Alexander Posada

Personal information
- Date of birth: 6 March 1977 (age 48)
- Place of birth: Colombia
- Position(s): Defender

Senior career*
- Years: Team / Apps / (Gls)
- 1994–1997: Deportivo Pereira
- 1997–1998: Deportes Quindío
- 1998–2001: América de Cali
- 2001–2002: Cortuluá / 4 / (3)
- 2002: Deportivo Pereira
- 2003: Millonarios F.C.
- 2004–2005: Deportivo Quito / 3 / (0)
- 2006: Toronto Supra Portuguese / 8 / (1)

International career
- 1999–2002: Colombia / 5 / (0)

= Alexander Posada =

Colombian footballer (born 1977)

Alexander Posada (born 6 March 1977) is a Colombian former professional footballer who played as a defender, spending the majority of his career in the Colombian football leagues, and had stints in Ecuadorian Serie A, and the Canadian Professional Soccer League.

== Club career ==
Posada began his career in Colombia with Deportivo Pereira in the Categoría Primera B in 1993. In 1997, he was transferred to Deportes Quindío, and after one season with Quinio he signed with América de Cali of the Categoría Primera A. During his tenure with America he won the Colombian League twice in 2000, 2001, and the Copa Merconorte.

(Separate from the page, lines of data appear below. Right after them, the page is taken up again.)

Lemma itv_dist_approx a b y e : a < b -> 0 < e ->
  exists2 t, a < t < b & `|y - t| <= itv_dist a b y + e.
Proof.
move=> ab e0; rewrite /itv_dist.
pose m := Num.min e ((b - a) / 2).
have m0 : 0 < m by rewrite lt_min e0 /=; lra.
have me : m <= e by rewrite ge_min lexx.
have mab : m <= (b - a) / 2 by rewrite ge_min lexx orbT.
have [ya|ay] := leP y a.
  exists (a + m); first by apply/andP; split; lra.
  by rewrite !ler0_norm ?subr_le0; lra.
have [by_|yb] := leP b y.
  exists (b - m); first by apply/andP; split; lra.
  by rewrite !ger0_norm ?subr_ge0; lra.
exists y; first by apply/andP.
by rewrite subrr normr0 ger0_norm ?ler0_norm ?subr_ge0 ?subr_le0 ?ltW //; lra.
Qed.

Lemma dist_setE a b (J : set R) : a < b -> `]a, b[ `<=` J -> J `<=` `[a, b] ->
  forall y, dist_set y J = itv_dist a b y.
Proof.
move=> ab oJ Jc y; rewrite /dist_set; set S := [set `|y - x| | x in J].
have lbS : lbound S (itv_dist a b y).
  by move=> _ [x /Jc + <-]; rewrite /= in_itv /=; exact: itv_dist_le.
apply/eqP; rewrite eq_le; apply/andP; split; last first.
  apply: lb_le_inf => //; exists `|y - (a + b) / 2|, ((a + b) / 2) => //.
  by apply: oJ; rewrite /= in_itv /=; apply/andP; split; lra.
apply/ler_addgt0Pr => e e0; have [t tab yt] := itv_dist_approx _ _ y _ ab e0.
by apply: le_trans (ge_inf _ _) yt; [exists (itv_dist a b y)|exists t => //; exact: oJ].
Qed.

Definition poisson_kernel a b y : R := (b - a) / ((b - a) + itv_dist a b y) ^+ 2.

Lemma poisson_kernel_ge0 a b y : a < b -> 0 <= poisson_kernel a b y.
Proof. by move=> ab; rewrite divr_ge0 ?sqr_ge0 // subr_ge0 ltW. Qed.

Lemma poisson_kernel_le a b y : a < b -> poisson_kernel a b y <= (b - a)^-1.
Proof.
move=> ab; have L0 : 0 < b - a by rewrite subr_gt0.
have dy := itv_dist_ge0 a b y.
apply: (@le_trans _ _ ((b - a) / (b - a) ^+ 2)); last first.
  by rewrite expr2 invfM mulrA divff ?mul1r // gt_eqF.
have D2 : (b - a) ^+ 2 <= ((b - a) + itv_dist a b y) ^+ 2.
  by rewrite !expr2; apply: ler_pM; lra.
apply: ler_wpM2l; first lra.
by rewrite lef_pV2 ?posrE ?exprn_gt0 //; lra.
Qed.

Lemma continuous_poisson_kernel a b : a < b -> continuous (poisson_kernel a b).
Proof.
move=> ab y; have dpos t : (b - a) + itv_dist a b t != 0.
  by apply: lt0r_neq0; have := itv_dist_ge0 a b t; rewrite -subr_gt0 in ab; lra.
apply: cvgM; first exact: cvg_cst.
apply: cvgV; first by rewrite expf_neq0.
have Dcvg : (b - a) + itv_dist a b t @[t --> y] --> (b - a) + itv_dist a b y.
  apply: cvgD; first exact: cvg_cst.
  apply: cvgM; last exact: cvg_cst.
  apply: cvgB; last exact: cvg_cst.
  by apply: cvgD; apply: cvg_norm; apply: cvgB; (exact: cvg_id || exact: cvg_cst).
exact: (cvgM Dcvg Dcvg).
Qed.

End interval_geometry.

Lemma itv_cc_sub_closure_oo (R : realType) (a b : R) :
  a < b -> `[a, b] `<=` closure `]a, b[.
Proof.
move=> ab t tab B /nbhs_ballP [e /= e0 eB].
have [s sab ts] := itv_dist_approx a b t (e / 2) ab (divr_gt0 e0 (ltr0Sn _ 1)).
have dt0 : itv_dist a b t <= 0.
  by have := itv_dist_le a b t t tab; rewrite subrr normr0.
exists s; split; first by rewrite /= in_itv.
by apply: eB; rewrite /ball /=; lra.
Qed.

Section support.
Context {R : realType} (mu : {measure set R -> \bar R}).

Lemma msupportNP t : ~ msupport mu t ->
  exists2 r : R, 0 < r & mu `](t - r), (t + r)[%classic = 0%E.
Proof.
move=> /existsNP [U /not_implyP [oU /not_implyP [Ut /negP]]].
rewrite -leNgt => muU.
have /nbhs_ballP [r /= r0 rU] : nbhs t U by exact: open_nbhs_nbhs.
exists r => //; apply/eqP; rewrite eq_le measure_ge0 andbT.
apply: le_trans muU; apply: le_measure; rewrite ?inE.
- exact: measurable_itv.
- exact: open_measurable.
- by move=> y ty; apply: rU; rewrite ball_itv.
Qed.

Lemma compact_negligible (A : set R) : compact A ->
  (forall t, A t -> ~ msupport mu t) -> mu.-negligible A.
Proof.
move=> cA Asupp.
have rt_ex t : exists rt : R, A t ->
    0 < rt /\ mu `](t - rt), (t + rt)[%classic = 0%E.
  have [At|nAt] := pselect (A t); last by exists 1 => /nAt.
  by have [rt rt0 hrt] := msupportNP t (Asupp t At); exists rt.
have [r hr] := choice rt_ex.
pose B t := `](t - r t), (t + r t)[%classic.
move: cA; rewrite compact_cover => /(_ R A B) [t _|t At|D' DA AD'].
- exact: interval_open.
- exists t => //; have [rt0 _] := hr t At.
  by rewrite /B /= in_itv /=; apply/andP; split; lra.
apply: (negligibleS AD'); rewrite /cover bigcup_fset big_seq.
elim/big_ind : _ => //; [exact: negligible_set0|exact: negligibleU|].
move=> t /DA /set_mem At; apply/negligibleP; first exact: measurable_itv.
by case: (hr t At).
Qed.

End support.

Section kernel.
Context {R : realType} (K : R -> R -> R).

Lemma integrable_kernel (mu : {measure set R -> \bar R}) (C x r : R) :
  measurable_fun (~` [set x]) (K x) ->
  (forall y, x != y -> `|K x y| <= C / `|x - y|) ->
  0 < r -> mu `](x - r), (x + r)[%classic = 0%E -> (mu setT < +oo)%E ->
  mu.-integrable setT (EFin \o K x).
Proof.
move=> mK Ksize r0 mu0 mufin.
have mKT : measurable_fun setT (K x).
  rewrite -(setvU [set x]) setUC; apply/measurable_funU => //.
  - exact: measurableC.
  - by split => //; exact: measurable_fun_set1.
apply: (@integrable_bounded _ _ _ mu setT (K x) (`|C| / r)) => //.
exists `](x - r), (x + r)[%classic; split; [exact: measurable_itv|exact: mu0|].
move=> y /= yfar; apply: contrapT => ynear; apply: yfar => _.
have rxy : r <= `|x - y|.
  rewrite leNgt; apply/negP; rewrite ltr_norml => /andP[h1 h2].
  by apply: ynear; rewrite /= in_itv /=; apply/andP; split; lra.
have xy : x != y by apply/eqP => exy; move: rxy; rewrite exy subrr normr0; lra.
apply: le_trans (Ksize y xy) _; apply: le_trans (_ : `|C| / `|x - y| <= _).
  by apply: ler_wpM2r; [rewrite invr_ge0|exact: ler_norm].
by apply: ler_wpM2l => //; rewrite lef_pV2 ?posrE //; lra.
Qed.

Variable c : R.
Hypothesis Kder : forall x y, x != y -> derivable (fun t => K t y) x 1.
Hypothesis Kmono : forall x y, x != y ->
  c / (x - y) ^+ 2 <= derive1 (fun t => K t y) x.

In 2001, he signed with Cortuluá, and featured in the club's run in the Copa Libertadores. In 2002, he returned to his former club Deportivo Pereira, and had a stint with Millonarios F.C., where the team finished second in the overall standings. In 2004, he went abroad to sign with Deportivo Quito of the Ecuadorian Serie A.

On 24 April 2006, Posada signed with Toronto Supra Portuguese of the Canadian Soccer League. He made his debut for Toronto in a friendly match against S.C. Braga on 12 May 2006. He recorded his first goal for the club on 16 July 2006, in a 2–2 draw with London City Soccer Club. He helped Toronto secure a postseason berth by finishing fourth in the International Division. The club's opponents in the playoffs were the Serbian White Eagles, but they were eliminated by a score of 3–0.

== International career ==
Posada played for the Colombia national team from 1999 till 2002, and featured in five matches.